Aunt Barbara. I cannot write anything yet, I tried. The feelings are too big. She was part of why I wanted to be a psychiatrist at a young age--I can say this; I had a keen sense of compassion for her and people like her, and I did not understand a world that would shun her. The manic-depressives, the bipolars. The different.
I was watching some documentary on HBO the other day, and I thought--this is what it is! I love so deeply, so fully, my fellow man. I cannot fathom how any human or man can hate or discredit or ignore another merely because of some categorical box they have put another in. I am incensed by this love, and it comes across as hate but at the foundation of it, at its core, is love. I cannot fathom how anyone can hate another and kill another because they are of a different color, or they love a different sex, or they are trapped in a body that is not right to them or so and so forth. I cannot explain it.
For me, Aunt Barbara could be infuriating and difficult and especially selfish as a human--separate from her illness--but she was also special and permanently altered by the medications she was forced to take and her very existence, my how truly painful it must have been. I truly cannot fathom it. I know she brought pain to her children, and I am truly sorry for them, but I am also so very sorry for her. And I know she is in Heaven and no longer suffering with the angels.
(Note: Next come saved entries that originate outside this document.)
(* Let $q$ be a prime power, let $1\le k\le m$ be integers, and let $C\subseteq\mathbb{F}_{q^m}^k$ be an $\mathbb{F}_{q^m}$-linear code of dimension $1\le t\le k$ over $\mathbb{F}_{q^m}$. Fix an integer $1\le\mu\le k$. The following are equivalent: (1) $\Delta_\mu(C)>\Delta_{\mu-1}(C)$; (2) there exists $1\le r\le t$ with $m_r(C)=\mu$.
   Context: A subspace $V\subseteq\mathbb{F}_{q^m}^k$ is Frobenius-closed if $(v_1^q,\dots,v_k^q)\in V$ whenever $v\in V$; $\Lambda_q(k,m)$ is the set of Frobenius-closed $\mathbb{F}_{q^m}$-subspaces. For $0\le\mu\le k$, $\Delta_\mu(C):=\max\{\dim_{\mathbb{F}_{q^m}}(V\cap C): V\in\Lambda_q(k,m),\ \dim_{\mathbb{F}_{q^m}}(V)=\mu\}$. The $r$-th generalized rank weight is $m_r(C):=\min\{\dim_{\mathbb{F}_{q^m}}(V):V\in\Lambda_q(k,m),\ \dim_{\mathbb{F}_{q^m}}(V\cap C)\ge r\}$. *)

From mathcomp Require Import all_boot all_order all_algebra all_field.
Set Implicit Arguments. Unset Strict Implicit. Unset Printing Implicit Defensive.
Import GRing.Theory.
Local Open Scope ring_scope.

(* Subspaces of L^k are represented as row spaces of k x k matrices
   (mxalgebra, %MS), vectors as row vectors 'rV[L]_k. *)

Definition frobv (L : finFieldType) (q k : nat) (v : 'rV[L]_k) : 'rV[L]_k :=
  map_mx (fun x => x ^+ q) v.

Definition frob_closed (L : finFieldType) (q k : nat) (V : 'M[L]_k) : bool :=
  [forall v : 'rV[L]_k, (v <= V)%MS ==> (frobv q v <= V)%MS].

Definition Delta (L : finFieldType) (q k : nat) (C : 'M[L]_k) (mu : nat) : nat :=
  \max_(V : 'M[L]_k | frob_closed q V && (\rank V == mu)) \rank (V :&: C)%MS.

(* m_r(C): minimum, with default k (the full space, dim k, is Frobenius-closed
   and admissible whenever r <= dim C) *)
Definition grw (L : finFieldType) (q k : nat) (C : 'M[L]_k) (r : nat) : nat :=
  \big[minn/k]_(V : 'M[L]_k | frob_closed q V && (r <= \rank (V :&: C)%MS)%N) \rank V.

From mathcomp Require Import all_boot all_order all_algebra all_field.
Set Implicit Arguments. Unset Strict Implicit. Unset Printing Implicit Defensive.
Import GRing.Theory.
Local Open Scope ring_scope.

(* Since q is a power of the characteristic, x |-> x^q is additive, so adding a
   standard basis vector (which is fixed by the Frobenius) to a Frobenius-closed
   space keeps it Frobenius-closed; hence every Frobenius-closed space extends to
   Frobenius-closed spaces of all larger dimensions and Delta is monotone. This
   gives the Galois connection  m_r(C) <= j  <->  r <= Delta_j(C),  so that
   m_r(C) = mu exactly when Delta_(mu-1)(C) < r <= Delta_mu(C). *)

Lemma geq_bigmin_cond (I : finType) (P : pred I) (F : I -> nat) d i0 :
  P i0 -> (\big[minn/d]_(i | P i) F i <= F i0)%N.
Proof.
move=> Pi0; rewrite unlock.
elim: (index_enum I) (mem_index_enum i0) => // i s IHs.
rewrite inE /= => /orP[/eqP <-|i0s]; first by rewrite Pi0 geq_minl.
by case: (P i) => /=; [apply: leq_trans (geq_minr _ _) (IHs i0s) | apply: IHs].
Qed.

Lemma bigmin_default_or_attained (I : finType) (P : pred I) (F : I -> nat) d :
  \big[minn/d]_(i | P i) F i = d \/
  exists2 i, P i & \big[minn/d]_(i | P i) F i = F i.
Proof.
elim/big_ind: _; [by left | | by move=> i Pi; right; exists i].
by move=> x y Hx Hy; rewrite /minn; case: ifP.
Qed.

Lemma mxrank_adds_notsub (F : fieldType) m n (V : 'M[F]_(m, n)) (v : 'rV[F]_n) :
  ~~ (v <= V)%MS -> \rank (V + v)%MS = (\rank V).+1.
Proof.
move=> vV; apply/eqP; rewrite eqn_leq; apply/andP; split.
  apply: leq_trans (mxrank_adds_leqif V v) _.
  by rewrite -[X in (_ <= X)%N]addn1 leq_add2l rank_leq_row.
apply: rank_ltmx; rewrite ltmxE addsmxSl /=.
by apply: contra vV; apply: submx_trans (addsmxSr V v).
Qed.

Lemma exists_delta_notsub (F : fieldType) k (V : 'M[F]_k) :
  (\rank V < k)%N -> exists i : 'I_k, ~~ ((delta_mx 0 i : 'rV[F]_k) <= V)%MS.
Proof.
move=> rVk; apply/existsP; rewrite -negb_forall; apply: contraL rVk => /forallP subV.
have : (1%:M <= V)%MS by apply/row_subP => i; rewrite row1; apply: subV.
by move/mxrankS; rewrite mxrank1 leqNgt.
Qed.

Section FrobeniusClosed.
Variables (L : finFieldType) (q k : nat).
Hypothesis exprDq : forall x y : L, (x + y) ^+ q = x ^+ q + y ^+ q.
Hypothesis q_gt0 : (0 < q)%N.

Lemma frobvD (u v : 'rV[L]_k) : frobv q (u + v) = frobv q u + frobv q v.
Proof. by apply/matrixP => a b; rewrite !mxE exprDq. Qed.

Lemma frobvZ (c : L) (v : 'rV[L]_k) : frobv q (c *: v) = c ^+ q *: frobv q v.
Proof. by apply/matrixP => a b; rewrite !mxE exprMn. Qed.

Lemma frobv_delta (i : 'I_k) : frobv q (delta_mx 0 i : 'rV[L]_k) = delta_mx 0 i.
Proof.
apply/matrixP => a b; rewrite !mxE; case: (_ && _); first by rewrite expr1n.
by rewrite expr0n gtn_eqF.
Qed.

Lemma frob_closed0 : frob_closed q (0 : 'M[L]_k).
Proof.
apply/forallP => v; apply/implyP; rewrite submx0 => /eqP ->.
suff -> : frobv q (0 : 'rV[L]_k) = 0 by apply: sub0mx.
by apply/matrixP => a b; rewrite !mxE expr0n gtn_eqF.
Qed.

Lemma frob_closed1 : frob_closed q (1%:M : 'M[L]_k).
Proof. by apply/forallP => v; apply/implyP => _; apply: submx1. Qed.

Lemma frob_closed_adds_delta (V : 'M[L]_k) (i : 'I_k) :
  frob_closed q V -> frob_closed q (V + (delta_mx 0 i : 'rV[L]_k))%MS.
Proof.
move=> /forallP closedV; apply/forallP => v; apply/implyP.
case/sub_addsmxP=> [[u w] /= ->]; rewrite frobvD addmx_sub_adds //.
  by have /implyP := closedV (u *m V); apply; apply: submxMl.
have /sub_rVP[c ->] : (w *m delta_mx 0 i <= (delta_mx 0 i : 'rV[L]_k))%MS by apply: submxMl.
by rewrite frobvZ frobv_delta scalemx_sub.
Qed.

Lemma frob_closed_extend (V : 'M[L]_k) j :
  frob_closed q V -> (\rank V <= j <= k)%N ->
  exists2 W : 'M[L]_k, frob_closed q W /\ \rank W = j & (V <= W)%MS.
Proof.
move=> closedV; elim: j => [|j IHj] /andP[rVj jk].
  by exists V => //; split => //; apply/eqP; rewrite -leqn0.
have [rV_eq|rV_neq] := eqVneq (\rank V) j.+1; first by exists V.
have rVjk : (\rank V <= j <= k)%N by rewrite -ltnS ltn_neqAle rV_neq rVj ltnW.
have [W [closedW rWj] sVW] := IHj rVjk.
have [i notsub] : exists i : 'I_k, ~~ ((delta_mx 0 i : 'rV[L]_k) <= W)%MS.
  by apply: exists_delta_notsub; rewrite rWj.
exists (W + (delta_mx 0 i : 'rV[L]_k))%MS; last by apply: submx_trans sVW (addsmxSl _ _).
by split; [apply: frob_closed_adds_delta | rewrite mxrank_adds_notsub // rWj].
Qed.

Variable C : 'M[L]_k.

Lemma leq_rank_cap_Delta (V : 'M[L]_k) :
  frob_closed q V -> (\rank (V :&: C) <= Delta q C (\rank V))%N.
Proof.
move=> closedV; rewrite /Delta.
by apply: (@leq_bigmax_cond _ (fun W : 'M[L]_k => frob_closed q W && (\rank W == \rank V))
  (fun W => \rank (W :&: C))); rewrite closedV eqxx.
Qed.

Lemma Delta_witness j : (j <= k)%N -> exists V : 'M[L]_k,
  [/\ frob_closed q V, \rank V = j & Delta q C j = \rank (V :&: C)].
Proof.
move=> jk; rewrite /Delta.
set P := fun V : 'M[L]_k => frob_closed q V && (\rank V == j).
have r0j : (\rank (0 : 'M[L]_k)%R <= j <= k)%N by rewrite mxrank0.
have [V0 [closedV0 rV0] _] := frob_closed_extend frob_closed0 r0j.
have [|V PV ->] := eq_bigmax_cond (fun V => \rank (V :&: C)) (A := P).
  by apply/card_gt0P; exists V0; rewrite unfold_in /P /= closedV0 rV0 eqxx.
by case/andP: PV => closedV /eqP rV; exists V.
Qed.

Lemma leq_Delta i j : (i <= j <= k)%N -> (Delta q C i <= Delta q C j)%N.
Proof.
move=> /andP[ij jk]; apply/bigmax_leqP => V /andP[closedV /eqP rV].
have rVj : (\rank V <= j <= k)%N by rewrite rV ij jk.
have [W [closedW <-] sVW] := frob_closed_extend closedV rVj.
by apply: leq_trans (leq_rank_cap_Delta closedW); apply/mxrankS/capmxS.
Qed.

Lemma Delta_le_rank j : (Delta q C j <= \rank C)%N.
Proof. by apply/bigmax_leqP => V _; apply/mxrankS/capmxSr. Qed.

Lemma grw_le (V : 'M[L]_k) r :
  frob_closed q V -> (r <= \rank (V :&: C))%N -> (grw q C r <= \rank V)%N.
Proof. by move=> closedV rV; apply: geq_bigmin_cond; rewrite closedV. Qed.

Lemma grw_witness r : (r <= \rank C)%N -> exists V : 'M[L]_k,
  [/\ frob_closed q V, (r <= \rank (V :&: C))%N & grw q C r = \rank V].
Proof.
move=> rC; case: (bigmin_default_or_attained
  (fun V : 'M[L]_k => frob_closed q V && (r <= \rank (V :&: C))%N) (@mxrank _ k k) k).
  by exists 1%:M; rewrite frob_closed1 cap1mx mxrank1.
by case=> V /andP[closedV rV] grwV; exists V.
Qed.

Lemma grw_leq_Delta r j : (r <= \rank C)%N -> (j <= k)%N ->
  (grw q C r <= j)%N = (r <= Delta q C j)%N.
Proof.
move=> rC jk; apply/idP/idP => [grw_j | r_Delta].
  have [V [closedV rV grwV]] := grw_witness rC.
  apply: leq_trans rV (leq_trans (leq_rank_cap_Delta closedV) _).
  by apply: leq_Delta; rewrite -grwV grw_j jk.
have [V [closedV rV DeltaV]] := Delta_witness jk.
by rewrite -rV; apply: grw_le; rewrite // -DeltaV.
Qed.

Lemma grw_eq_Delta r mu : (r <= \rank C)%N -> (0 < mu <= k)%N ->
  (grw q C r == mu) = (Delta q C mu.-1 < r <= Delta q C mu)%N.
Proof.
move=> rC /andP[mu_gt0 muk].
rewrite eqn_leq andbC -[in (mu <= _)%N](prednK mu_gt0) ltnNge.
by rewrite !grw_leq_Delta // -?ltnNge // (leq_trans (leq_pred mu)).
Qed.

End FrobeniusClosed.

Theorem theorem8p2 (L : finFieldType) (q m k t mu : nat) (C : 'M[L]_k) :
  (exists p e, prime p /\ (0 < e)%N /\ q = (p ^ e)%N) ->
  #|L| = (q ^ m)%N ->
  (1 <= k <= m)%N ->
  \rank C = t -> (1 <= t <= k)%N ->
  (1 <= mu <= k)%N ->
  ((Delta q C mu.-1 < Delta q C mu)%N <->
   exists r, (1 <= r <= t)%N /\ grw q C r = mu).
Proof.
move=> [p [e [p_pr [_ qE]]]] cardL _ rC _ mu_bounds.
have pL : p \in [pchar L] by apply: (@card_finPcharP L p (e * m)) p_pr; rewrite cardL qE expnM.
have exprDq (x y : L) : (x + y) ^+ q = x ^+ q + y ^+ q.
  by rewrite qE; apply: exprDn_pchar; rewrite pnatX (pnatE _ p_pr) pL.
have q_gt0 : (0 < q)%N by rewrite qE expn_gt0 prime_gt0.
have grw_eq r : (r <= t)%N -> (grw q C r == mu) = (Delta q C mu.-1 < r <= Delta q C mu)%N.
  by rewrite -rC => rt; apply: grw_eq_Delta.
have Delta_le_t j : (Delta q C j <= t)%N by rewrite -rC Delta_le_rank.
split=> [Delta_lt | [r [/andP[_ rt] /eqP]]].
- exists (Delta q C mu); rewrite (leq_ltn_trans (leq0n _) Delta_lt) Delta_le_t.
  by split=> //; apply/eqP; rewrite grw_eq // Delta_lt leqnn.
- by rewrite grw_eq // => /andP[lt_r r_le]; apply: leq_trans lt_r r_le.
Qed.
I love you. I wish I had told you more often. And that you had been able to listen, and to hear it, truly, when I did.
“Depression is awful beyond words or sounds or images...it bleeds relationships through suspicion, lack of confidence and self-respect, the inability to enjoy life, to walk or talk or think normally, the exhaustion, the night terrors, the day terrors. There is nothing good to be said for it except that it gives you the experience of how it must be to be old, to be old and sick, to be dying; to be slow of mind; to be lacking in grace, polish and coordination; to be ugly; to have no belief in the possibilities of life, the pleasures of sex, the exquisiteness of music or the ability to make yourself and others laugh.”